157. At her pleasure let her emaciate her body by (living on) pure flowers, roots, and fruit; but she must never even mention the name of another man after her husband has died.
158. Until death let her be patient (of hardships), self-controlled, and chaste, and strive (to fulfil) that most excellent duty which (is prescribed) for wives who have one husband only.
159. Many thousands of Brāhmanas who were chaste from their youth, have gone to heaven without continuing their race.
160. A virtuous wife who after the death of her husband constantly remains chaste, reaches heaven, though she have no son, just like those chaste men.
161. But a woman who from a desire to have offspring violates her duty towards her (deceased) husband, brings on herself disgrace in this world, and loses her place with her husband (in heaven).

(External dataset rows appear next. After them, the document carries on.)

(* Consider $\dot x=f(x,p)$ with $x\in\mathcal{D}\subset\mathbb{R}^n$, $p\in\mathcal{P}\subset\mathbb{R}^m$, satisfying assumptions A1–A4 below. Then for all $p_1,p_2\in\mathcal{P}$ with $p_1\succeq p_2$, $$\mathcal{B}(x^\ast(p_1))\subseteq\mathcal{B}(x^\ast(p_2)),\qquad \mathcal{B}(x^\bullet(p_1))\supseteq\mathcal{B}(x^\bullet(p_2)).$$ In particular, for all $p\in\mathcal{P}$, $$\mathcal{B}(x^\ast(p_{\min}))\subseteq\mathcal{B}(x^\ast(p))\subseteq\mathcal{B}(x^\ast(p_{\max})),\qquad \mathcal{B}(x^\bullet(p_{\min}))\supseteq\mathcal{B}(x^\bullet(p))\supseteq\mathcal{B}(x^\bullet(p_{\max})).$$
   Context: The orders are standard: $x\succeq y$ iff $x-y\in\mathbb{R}^n_{\ge0}$ (similarly in $\mathbb{R}^m$), $x\gg y$ iff all components of $x-y$ are positive. $f$ is continuous in $(x,p)$ and locally Lipschitz in $x$; $\phi(t,x_0,p)$ denotes the solution with initial state $x_0$ and parameter $p$. $\mathcal{B}(x^\ast(p))$ denotes the basin of attraction of the equilibrium $x^\ast(p)$ for the system with parameter $p$ (the set of initial conditions in $\mathcal{D}$ whose solutions converge to it). The system is monotone in $x$ and $p$ if $\phi(t,x,p)\preceq\phi(t,y,q)$ for all $t\ge0$, all $x\preceq y$ in $\mathcal{D}$ and all $p\preceq q$ in $\mathcal{P}$. Bistability on $\mathcal{D}$ for a given $p$ means: $\mathcal{D}$ is forward invariant, the system has exactly two asymptotically stable equilibria $x^\ast(p),x^\bullet(p)$ in $\mathcal{D}$, solutions starting in $\mathcal{D}$ that do not converge to one of them start in the common boundary of the two basins, and $\mathrm{cl}(\mathcal{B}(x^\bullet(p)))=\mathrm{cl}(\mathcal{D}\setminus\mathcal{B}(x^\ast(p)))$. Assumptions: (A1) for every $p\in\mathcal{P}$ the system is bistable on $\mathcal{D}$ with stable equilibria $x^\ast(p)$, $x^\bullet(p)$, and the system is monotone in $x$ and $p$. (A2) $\mathcal{P}$ is compact and contains $p_{\min},p_{\max}$ with $p_{\min}\preceq p\preceq p_{\max}$ for all $p\in\mathcal{P}$. (A3) for all $p\in\mathcal{P}$: $x^\ast(p)\in\bigcap_{q\in\mathcal{P}}\mathcal{B}(x^\ast(q))$ and $x^\bullet(p)\in\bigcap_{q\in\mathcal{P}}\mathcal{B}(x^\bullet(q))$. (A4) $x^\bullet(p_{\min})\gg x^\ast(p_{\max})$. *)

From Stdlib Require Import Reals List.
From mathcomp Require Import ssreflect ssrbool fintype.
Open Scope R_scope.

Definition Vec (n : nat) : Type := 'I_n -> R.

Definition vle {n : nat} (x y : Vec n) : Prop := forall i : 'I_n, x i <= y i.
Definition vgg {n : nat} (x y : Vec n) : Prop := forall i : 'I_n, y i < x i.

(** Open ball of radius r for the max-norm (induces the standard topology of R^n). *)
Definition ball {n : nat} (x : Vec n) (r : R) (y : Vec n) : Prop :=
  forall i : 'I_n, Rabs (y i - x i) < r.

162. Offspring begotten by another man is here not (considered lawful), nor (does offspring begotten) on another man’s wife (belong to the begetter), nor is a second husband anywhere prescribed for virtuous women.
163. She who cohabits with a man of higher caste, forsaking her own husband who belongs to a lower one, will become contemptible in this world, and is called a remarried woman (parapûrvâ).
164. By violating her duty towards her husband, a wife is disgraced in this world, (after death) she enters the womb of a jackal, and is tormented by diseases (the punishment of) her sin.
165. She who, controlling her thoughts, words, and deeds, never slights her lord, resides (after death) with her husband (in heaven), and is called a virtuous (wife).
166. In reward of such conduct, a female who controls her thoughts, speech, and actions, gains in this (life) highest renown, and in the next (world) a place near her husband.